---------- Input records ----------
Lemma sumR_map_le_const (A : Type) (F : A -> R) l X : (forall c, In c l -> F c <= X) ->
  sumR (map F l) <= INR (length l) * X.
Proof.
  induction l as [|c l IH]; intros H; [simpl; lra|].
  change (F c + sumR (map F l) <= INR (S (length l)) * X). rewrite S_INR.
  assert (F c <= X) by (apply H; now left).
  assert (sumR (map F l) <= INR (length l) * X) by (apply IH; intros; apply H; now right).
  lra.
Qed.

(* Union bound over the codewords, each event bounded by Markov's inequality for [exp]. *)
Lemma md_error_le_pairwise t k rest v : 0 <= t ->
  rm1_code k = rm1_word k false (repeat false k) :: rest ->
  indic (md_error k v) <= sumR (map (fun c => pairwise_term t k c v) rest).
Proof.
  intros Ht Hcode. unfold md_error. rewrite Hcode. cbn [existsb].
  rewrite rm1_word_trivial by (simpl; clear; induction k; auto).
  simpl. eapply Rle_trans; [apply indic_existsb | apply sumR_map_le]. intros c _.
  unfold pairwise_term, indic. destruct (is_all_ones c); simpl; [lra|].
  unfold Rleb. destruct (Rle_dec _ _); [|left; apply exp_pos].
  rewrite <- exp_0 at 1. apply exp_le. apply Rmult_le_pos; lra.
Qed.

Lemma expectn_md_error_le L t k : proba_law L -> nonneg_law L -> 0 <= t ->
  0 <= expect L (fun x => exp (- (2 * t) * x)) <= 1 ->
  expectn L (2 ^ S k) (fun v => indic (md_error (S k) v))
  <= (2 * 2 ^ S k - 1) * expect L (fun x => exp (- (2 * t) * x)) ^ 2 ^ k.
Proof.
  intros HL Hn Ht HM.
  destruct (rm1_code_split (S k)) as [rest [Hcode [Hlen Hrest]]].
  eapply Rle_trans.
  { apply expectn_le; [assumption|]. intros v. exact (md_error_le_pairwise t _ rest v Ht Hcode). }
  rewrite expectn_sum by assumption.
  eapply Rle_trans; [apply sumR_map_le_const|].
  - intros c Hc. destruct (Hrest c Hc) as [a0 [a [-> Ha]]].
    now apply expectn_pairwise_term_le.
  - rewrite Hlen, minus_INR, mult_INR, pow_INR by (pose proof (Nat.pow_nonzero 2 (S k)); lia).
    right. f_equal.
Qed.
----------
Output every record above, exactly as written.

Solution
Lemma sumR_map_le_const (A : Type) (F : A -> R) l X : (forall c, In c l -> F c <= X) ->
  sumR (map F l) <= INR (length l) * X.
Proof.
  induction l as [|c l IH]; intros H; [simpl; lra|].
  change (F c + sumR (map F l) <= INR (S (length l)) * X). rewrite S_INR.
  assert (F c <= X) by (apply H; now left).
  assert (sumR (map F l) <= INR (length l) * X) by (apply IH; intros; apply H; now right).
  lra.
Qed.

(* Union bound over the codewords, each event bounded by Markov's inequality for [exp]. *)
Lemma md_error_le_pairwise t k rest v : 0 <= t ->
  rm1_code k = rm1_word k false (repeat false k) :: rest ->
  indic (md_error k v) <= sumR (map (fun c => pairwise_term t k c v) rest).
Proof.
  intros Ht Hcode. unfold md_error. rewrite Hcode. cbn [existsb].
  rewrite rm1_word_trivial by (simpl; clear; induction k; auto).
  simpl. eapply Rle_trans; [apply indic_existsb | apply sumR_map_le]. intros c _.
  unfold pairwise_term, indic. destruct (is_all_ones c); simpl; [lra|].
  unfold Rleb. destruct (Rle_dec _ _); [|left; apply exp_pos].
  rewrite <- exp_0 at 1. apply exp_le. apply Rmult_le_pos; lra.
Qed.

Lemma expectn_md_error_le L t k : proba_law L -> nonneg_law L -> 0 <= t ->
  0 <= expect L (fun x => exp (- (2 * t) * x)) <= 1 ->
  expectn L (2 ^ S k) (fun v => indic (md_error (S k) v))
  <= (2 * 2 ^ S k - 1) * expect L (fun x => exp (- (2 * t) * x)) ^ 2 ^ k.
Proof.
  intros HL Hn Ht HM.
  destruct (rm1_code_split (S k)) as [rest [Hcode [Hlen Hrest]]].
  eapply Rle_trans.
  { apply expectn_le; [assumption|]. intros v. exact (md_error_le_pairwise t _ rest v Ht Hcode). }
  rewrite expectn_sum by assumption.
  eapply Rle_trans; [apply sumR_map_le_const|].
  - intros c Hc. destruct (Hrest c Hc) as [a0 [a [-> Ha]]].
    now apply expectn_pairwise_term_le.
  - rewrite Hlen, minus_INR, mult_INR, pow_INR by (pose proof (Nat.pow_nonzero 2 (S k)); lia).
    right. f_equal.
Qed.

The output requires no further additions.